Collected data entries
Lemma peelable_block r : r \notin C -> peelable (c |` C) c -> peelable P r.
Proof.
have inC y : y \in c |` C -> y != c -> y \in C.
  by rewrite in_fset1U => /orP[/eqP->|]; rewrite ?eqxx.
have neq_r y : y \in C -> r \notin C -> y != r by move=> yC; apply: contraNneq => <-.
move=> rC [[l [lQ lc dl]]|[t [u [[tQ uQ tc uc] [tu dt du ct]]]]].
  have lC := inC l lQ lc; left; exists l.
  by rewrite CP // neq_r // deg_block.
have tC := inC t tQ tc; have uC := inC u uQ uc; right; exists t, u.
rewrite !CP // !neq_r // !deg_block //; split=> //; split=> //.
exact: connected_fsetD1_block.
Qed.

End Block.

Lemma peelable_cut P c r : connected P -> c \in P -> ~ connected (P `\ c) ->
  (forall Q, #|` Q| < #|` P| -> connected Q -> 1 < #|` Q| -> peelable Q c) ->
  peelable P r.
Proof.
move=> cP cPin ncut IH.
have [s [z [sPc zPc sz rs]]] : exists s z, [/\ s \in P `\ c, z \in P `\ c,
    ~ reach (P `\ c) s z & r \notin component (P `\ c) s].
  have [s1 [s2 [s1P s2P n12]]] : exists s1 s2,
      [/\ s1 \in P `\ c, s2 \in P `\ c & ~ reach (P `\ c) s1 s2].
    apply: contrapT => none; apply: ncut => a b aP bP; apply: contrapT => nab.
    by apply: none; exists a, b.
  have [/(componentP _ s1P) r1|] := boolP (r \in component (P `\ c) s1); last first.
    by exists s1, s2.
  exists s2, s1; split=> //; first by move/(reach_sym s2P).
  apply/negP => /(componentP _ s2P) r2; apply: n12.
  exact: reach_trans r1 (reach_sym s2P r2).
set C := component (P `\ c) s.
have CPc : {subset C <= P `\ c} := @component_sub _ s.
have CP y : y \in C -> y \in P by move/CPc; rewrite in_fsetD1 => /andP[].
have cC : c \notin C by apply/negP => /CPc; rewrite fsetD11.
have C_closed y y' : y \in C -> y' \in nbrs y -> y' \in P -> y' \in c |` C.
  move=> yC yy' y'P; rewrite in_fset1U; have [//|y'c /=] := eqVneq y' c.
  by apply: component_closed yC yy' _; rewrite in_fsetD1 y'c.
have sC : s \in C by apply/(componentP _ sPc)/reach0.
apply: (peelable_block cP cPin cC CP C_closed rs); apply: IH.
- have /[!in_fsetD1]/andP[zc zP] := zPc.
  have zQ : z \notin c |` C by rewrite in_fset1U negb_or zc; apply/(componentP _ sPc).
  have /fsubset_leq_card : c |` C `<=` P `\ z.
    apply/fsubsetP => y yQ; rewrite in_fsetD1; apply/andP; split.
      by apply: contraNneq zQ => <-.
    by move: yQ; rewrite in_fset1U => /orP[/eqP->|/CP].
  by rewrite (cardfsD1 z P) zP; lia.
- have [b [b' [sb bb' b'P b'C]]] := reach_exit (cP s c (CP s sC) cPin) sC cC.
  have bC := reach_in sb sC.
  have b'c : b' = c.
    by move: (C_closed b b' bC bb' b'P); rewrite in_fset1U (negbTE b'C) orbF => /eqP.
  apply: (connected_fsetU (@connected_fset1 c) (component_connected sPc) bC (fset11 c)).
  by move: bb'; rewrite b'c.
- by rewrite cardfsU1 cC add1n ltnS cardfs_gt0; apply/fset0Pn; exists s.
Qed.

Lemma peelableP P r : connected P -> 1 < #|` P| -> peelable P r.
Proof.
move: {2}#|` P| (leqnn #|` P|) => N; elim: N P r => [|N IH] P r PN cP P2; first lia.
have [[c [cPin ncut]]|nocut] := pselect (exists c, c \in P /\ ~ connected (P `\ c)).
  by apply: (peelable_cut r cP cPin ncut) => Q QP; apply: IH; lia.
apply: peelable_noncut => // c cPin; apply: contrapT => ncut.
by apply: nocut; exists c.
Qed.

Lemma peel P : connected P -> 1 < #|` P| ->
  (exists2 Q, connected Q & #|` Q| = #|` P| - 1 /\ perimeter Q + 1 = perimeter P) \/
  (exists Q Q', [/\ connected Q, #|` Q| = #|` P| - 1 & perimeter Q = perimeter P + 1] /\
                [/\ connected Q', #|` Q'| = #|` P| - 2, perimeter Q' = perimeter P &
                     2 < #|` P|]).
Proof.
move=> cP P2; have [[l [lP _ dl]]|[t [u [[tP uP _ _] [tu dt du ct]]]]] :=
  peelableP (0, 0, true)%R cP P2.
  left; exists (P `\ l); first exact: connected_fsetD1_leaf.
  by have := perimeter_fsetD1 lP; rewrite (cardfsD1 l P) lP dl; lia.
have ut : u != t by apply: contraTneq tu => ->; apply: nbrs_irr.
have uPt : u \in P `\ t by rewrite in_fsetD1 ut.
have dut : deg (P `\ t) u = 1.
  by move: du; rewrite (deg_fsetD1 u tP) -nbrs_sym (tu : u \in nbrs t); lia.
have Pt := cardfsD1 t P; rewrite tP in Pt.
right; exists (P `\ t), (P `\ t `\ u); split; split.
- exact: ct.
- lia.
- by have := perimeter_fsetD1 tP; rewrite dt; lia.
- exact: connected_fsetD1_leaf.
- by rewrite (cardfsD1 u (P `\ t)) uPt in Pt; lia.
- by have := perimeter_fsetD1 tP; have := perimeter_fsetD1 uPt; rewrite dt dut; lia.
- by have := deg_le_card (P `\ t) t; rewrite deg_fsetD1_self dt; lia.
Qed.

Lemma shrink k P : connected P -> k < #|` P| ->
  exists2 Q, connected Q & #|` Q| = #|` P| - k /\ perimeter Q <= perimeter P + 1.
Proof.
move: {2}k (leqnn k) => K; elim: K k P => [|K IH] k P kK cP kP.
  by exists P => //; split; lia.
have [k0|k1] := posnP k; first by exists P => //; split; lia.
have [[Q cQ [QP pQ]]|[Q [Q' [[cQ QP pQ] [cQ' Q'P pQ' _]]]]] :=
  peel cP (leq_ltn_trans k1 kP).
  have [R cR [RQ pR]] := IH k.-1 Q ltac:(lia) cQ ltac:(lia).
  by exists R => //; split; lia.
have [->|k2] := eqVneq k 1; first by exists Q => //; split; lia.
have [R cR [RQ pR]] := IH k.-2 Q' ltac:(lia) cQ' ltac:(lia).
by exists R => //; split; lia.
Qed.

Lemma perimeter_ge3 P : connected P -> P != fset0 -> 3 <= perimeter P.
Proof.
move: {2}#|` P| (leqnn #|` P|) => N; elim: N P => [|N IH] P PN cP;
  rewrite -cardfs_gt0 => P1; first lia.
have [P2|P1'] := ltnP 1 #|` P|.
  have [[Q cQ [QP pQ]]|[_ [Q' [_ [cQ' Q'P pQ' P3]]]]] := peel cP P2.
    by have := IH Q _ cQ; rewrite -cardfs_gt0; lia.
  by have := IH Q' _ cQ'; rewrite -cardfs_gt0; lia.
have [t tP] : exists t, t \in P by apply/fset0Pn; rewrite -cardfs_gt0.
have := deg_le_card (P `\ t) t; have := perimeter_fsetD1 tP.
by rewrite deg_fsetD1_self (cardfsD1 t P) tP in P1' *; lia.
Qed.

Lemma hole_sub A H1 H2 x : is_hole A H1 -> is_hole A H2 -> x \in H1 -> x \in H2 ->
  {subset H1 <= H2}.
Proof.
move=> [_ H1A /edge_connectedE cH1 _] [_ _ _ H2_closed] xH1 xH2 y yH1.
elim: (cH1 x y xH1 yH1) => // b d _ bH2 bd dH1.
exact: H2_closed bH2 bd (H1A d dH1).
Qed.

Lemma hole_eq A H1 H2 x : is_hole A H1 -> is_hole A H2 -> x \in H1 -> x \in H2 -> H1 = H2.
Proof.
move=> h1 h2 x1 x2; apply/fsetP => y; apply/idP/idP.
  exact: hole_sub h1 h2 x1 x2 y.
exact: hole_sub h2 h1 x2 x1 y.
Qed.

Lemma hole_touches A H : is_hole A H -> exists t s, [/\ t \in H, adj t s & s \in A].
Proof.
move=> [Hn _ _ H_closed]; have [[[x y] o] tH tmax] := fset_argmax height Hn.
pose s : tile := if o then (x, y, false) else (x, y + 1, true)%R.
have ts : adj (x, y, o) s by case: o {tH tmax} @s; rewrite /adj /= !inE eqxx ?orbT.
exists (x, y, o), s; split=> //; apply: contraT => /(H_closed _ _ tH ts)/tmax.
by case: o {tH tmax ts} @s; rewrite /height /=; lia.
Qed.
(* A run of U-PB(x0, chi, lam0, eps, Nbar) through iterations 1..J (1-based),
   none of which stopped at Step 1.  For iteration j:
     lam j   : prox stepsize used at iteration j,
     N j     : value of the counter N when entering Step 1 (= entering Step 2),
     xc j    : prox-center \hat x_{k-1} of iteration j,
     fm j    : model f_j,
     x j     : x_j computed in Step 1,
     phib j  : \bar\phi_j computed in Step 2,
     t j     : t_j computed in Step 2. *)
Definition UPB_run (f h : E -> \bar R) (fp : E -> E) (phistar : R)
    (x0 : E) (chi lam0 eps : R) (Nbar : nat)
    (J : nat) (lam : nat -> R) (N : nat -> nat) (xc : nat -> E)
    (fm : nat -> E -> \bar R) (x : nat -> E) (phib t : nat -> \bar R) : Prop :=
  let phi := fun u => f u + h u in
  let thr := ((1 - chi) * eps / 2)%R in
  [/\ (* Step 0 *)
      [/\ lam 1%N = lam0, N 1%N = 0%N, xc 1%N = x0 & fresh_model f fp x0 (fm 1%N)],
      (* Steps 1 and 2 for iterations 1..J *)
      (forall j, (1 <= j <= J)%N ->
        [/\ is_argmin (proxobj (fm j) h (lam j) (xc j)) (x j),
            ~ (phi (x j) - phistar%:E <= eps%:E),
            phib j = (if N j == 0%N then
                        phi (x j) + ((chi / (2 * lam j)) * enorm (x j - xc j) ^+ 2)%:E
                      else
                        mine (phib j.-1)
                          (phi (x j) + ((chi / (2 * lam j)) * enorm (x j - xc j) ^+ 2)%:E))
          & t j = phib j - (fm j (x j) + h (x j)
                           + ((2 * lam j)^-1 * enorm (x j - xc j) ^+ 2)%:E)]) &
      (* Step 3 (and Step 4): transition from iteration j to j+1, for j < J *)
      (forall j, (1 <= j < J)%N ->
        let N' := (N j).+1 in
        if (thr%:E < t j) && (N' < Nbar)%N then
          (* null update *)
          [/\ lam j.+1 = lam j, N j.+1 = N', xc j.+1 = xc j &
              BU_out f h fp (xc j) (x j) (fm j) (lam j) (fm j.+1)]
        else if (thr%:E < t j) && (N' == Nbar) then
          (* reset update *)
          [/\ lam j.+1 = (lam j / 2)%R, N j.+1 = 0%N, xc j.+1 = xc j &
              fresh_model f fp (xc j.+1) (fm j.+1)]
        else
          (* serious update: \hat x_k = x_j becomes the new prox-center *)
          [/\ lam j.+1 = lam j, N j.+1 = 0%N, xc j.+1 = x j &
              fresh_model f fp (xc j.+1) (fm j.+1)])].

End Defs.

(* At the first iteration i of a cycle the model f_i lies above the linearization
   of f at the prox-center x^c and \bar\phi_i is not a running minimum, so with
   r = |x_i - x^c|
     t_i = f(x_i) - f_i(x_i) - (1 - chi)/(2 lam) r^2
        <= f(x_i) - l_f(x_i; x^c) - (1 - chi)/(2 lam) r^2.
   Cutting the segment [x^c, x_i] into k pieces and applying the subgradient
   inequality at the right end of each piece bounds f(x_i) - l_f(x_i; x^c) by
   2 M_f r + L_f r^2 (k + 1)/(2 k), hence by 2 M_f r + L_f r^2 / 2.  What remains is
   the maximum of a concave quadratic in r; in (b) one first uses r^2 <= D r.
   The oracle bound only holds on dom h, which contains every prox-center and
   iterate because every model is finite and dominated by f. *)

From HB Require Import structures.
From mathcomp Require Import all_boot all_order all_algebra.
From mathcomp Require Import all_classical all_reals all_analysis.
From mathcomp Require Import ring lra.
Import Order.TTheory GRing.Theory Num.Theory.
Import numFieldNormedType.Exports.
Set Implicit Arguments. Unset Strict Implicit. Unset Printing Implicit Defensive.
Local Open Scope ring_scope.

Section InnerProduct.
Variables (R : realType) (n : nat).
Implicit Types (u v w : 'rV[R]_n) (c : R).
Lemma sup_family_layer_ereal {n : nat} {w : T} : L n w ->
  (ereal_sup [set (f w)%:E | f in F] =
     \big[maxe/-oo]_(f <- layer n) (f w)%:E)%E.
Proof.
move=> Lnw; apply: (ereal_sup_dominated F (fun f => f w)) => f.
  exact: layer_sub.
exact: layer_dom.
Qed.

Lemma sup_family_layer {n : nat} {w : T} : L n w ->
  sup_family F w = \big[Num.max/1]_(f <- layer n) f w.
Proof.
move=> Lnw; rewrite /sup_family (sup_family_layer_ereal Lnw).
by rewrite (bigmaxe_EFin (c := 1) (layer_one n)).
Qed.

Lemma sup_family_pointwise : is_pointwise_sup F (sup_family F).
Proof.
move=> w; have [n Lnw] := L_cover w; rewrite /sup_family.
by rewrite (sup_family_layer_ereal Lnw) (bigmaxe_EFin (c := 1) (layer_one n)).
Qed.

Lemma sup_family_ge1 (w : T) : 1 <= sup_family F w.
Proof.
by have [n Lnw] := L_cover w; rewrite (sup_family_layer Lnw) bigmax_ge_id.
Qed.

(* Near a point of L n the supremum is the maximum over layer (n+1). *)
Lemma sup_family_continuous :
  (forall n f, f \in layer n -> continuous f) -> continuous (sup_family F).
Proof.
move=> layer_cont x; have [n Lnx] := L_cover x.
have near_layer : {near x,
    (fun w => \big[Num.max/1]_(f <- layer n.+1) f w) =1 sup_family F}.
  by apply: filterS (L_nested n x Lnx) => w Lw; rewrite (sup_family_layer Lw).
apply: cvg_trans (near_eq_cvg near_layer) _.
rewrite (sup_family_layer (interior_subset (L_nested n x Lnx))).
exact: continuous_bigmax (layer_cont n.+1) x.
Qed.

Lemma sup_family_local_max (K : set T) : compact K ->
  exists (m : nat) (g : 'I_m -> T -> R), (forall k, F (g k)) /\
    forall w, K w ->
      ((sup_family F w)%:E = \big[maxe/-oo]_(k < m) (g k w)%:E)%E.
Proof.
move=> cK; have [n KL] := compact_in_exhaustion L_nested L_cover cK.
exists (size (layer n)), (fun k => nth 0 (layer n) k); split.
  by move=> k; apply: (layer_sub n); apply: mem_nth.
move=> w Kw; rewrite sup_family_pointwise (sup_family_layer_ereal (KL w Kw)).
by rewrite (big_nth 0) big_mkord.
Qed.

End LocallyFiniteSup.

Definition sym_layer {T : Type} {R : realType} (B : nat -> seq (T -> R))
    (n : nat) : seq (T -> R) :=
  B n ++ map -%R (B n).

Definition sym_family {T : Type} {R : realType} (B : nat -> seq (T -> R)) :
    set (T -> R) :=
  [set f | exists n, f \in sym_layer B n].

Definition cumulative_layer {T : Type} {R : realType} (B : nat -> seq (T -> R))
    (m : nat) : seq (T -> R) :=
  flatten [seq sym_layer B k | k <- iota 0 m.+1].
Lemma int_monic_root_sums (F : {poly int}) (d : nat) (e c : int) :
  (2 <= d)%N -> F \is monic -> size F = d.+1 -> F`_d.-1 = - e -> F`_(d - 2) = c ->
  exists rs : seq algC, [/\ map_poly intr F = \prod_(z <- rs) ('X - z%:P),
    size rs = d, \sum_(z <- rs) z = e%:~R &
    \sum_(z <- rs) z ^+ 2 = e%:~R ^+ 2 - 2 * c%:~R].
Proof.
move=> d_ge2 monF sizeF Fd1 Fd2; set Fc := map_poly intr F.
have [rs Frs] := closed_field_poly_normal Fc.
have monFc : Fc \is monic by exact: monic_map.
rewrite (monicP monFc) scale1r in Frs.
have size_rs : size rs = d.
  have : size Fc = d.+1 by rewrite size_map_inj_poly ?sizeF //; exact: intr_inj.
  by rewrite Frs size_prod_XsubC => -[].
have sum_rs : \sum_(z <- rs) z = e%:~R.
  apply: oppr_inj; rewrite -coefPn_prod_XsubC ?size_rs -?lt0n ?(ltn_trans _ d_ge2) //.
  by rewrite -Frs coef_map /= Fd1 intrN.
exists rs; split=> //.
have := @coef_prod_XsubC_sub2 _ rs; rewrite size_rs => /(_ d_ge2).
by rewrite -Frs coef_map /= Fd2 sum_rs => c2; rewrite c2; ring.
Qed.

__PROBLEM DETAILS__
Please output exactly the lines between the one holding "have ut : u" and the one holding "Lemma shrink k" in the records above, inclusive, and nothing more.

__RESULT__
have ut : u != t by apply: contraTneq tu => ->; apply: nbrs_irr.
have uPt : u \in P `\ t by rewrite in_fsetD1 ut.
have dut : deg (P `\ t) u = 1.
  by move: du; rewrite (deg_fsetD1 u tP) -nbrs_sym (tu : u \in nbrs t); lia.
have Pt := cardfsD1 t P; rewrite tP in Pt.
right; exists (P `\ t), (P `\ t `\ u); split; split.
- exact: ct.
- lia.
- by have := perimeter_fsetD1 tP; rewrite dt; lia.
- exact: connected_fsetD1_leaf.
- by rewrite (cardfsD1 u (P `\ t)) uPt in Pt; lia.
- by have := perimeter_fsetD1 tP; have := perimeter_fsetD1 uPt; rewrite dt dut; lia.
- by have := deg_le_card (P `\ t) t; rewrite deg_fsetD1_self dt; lia.
Qed.

Lemma shrink k P : connected P -> k < #|` P| ->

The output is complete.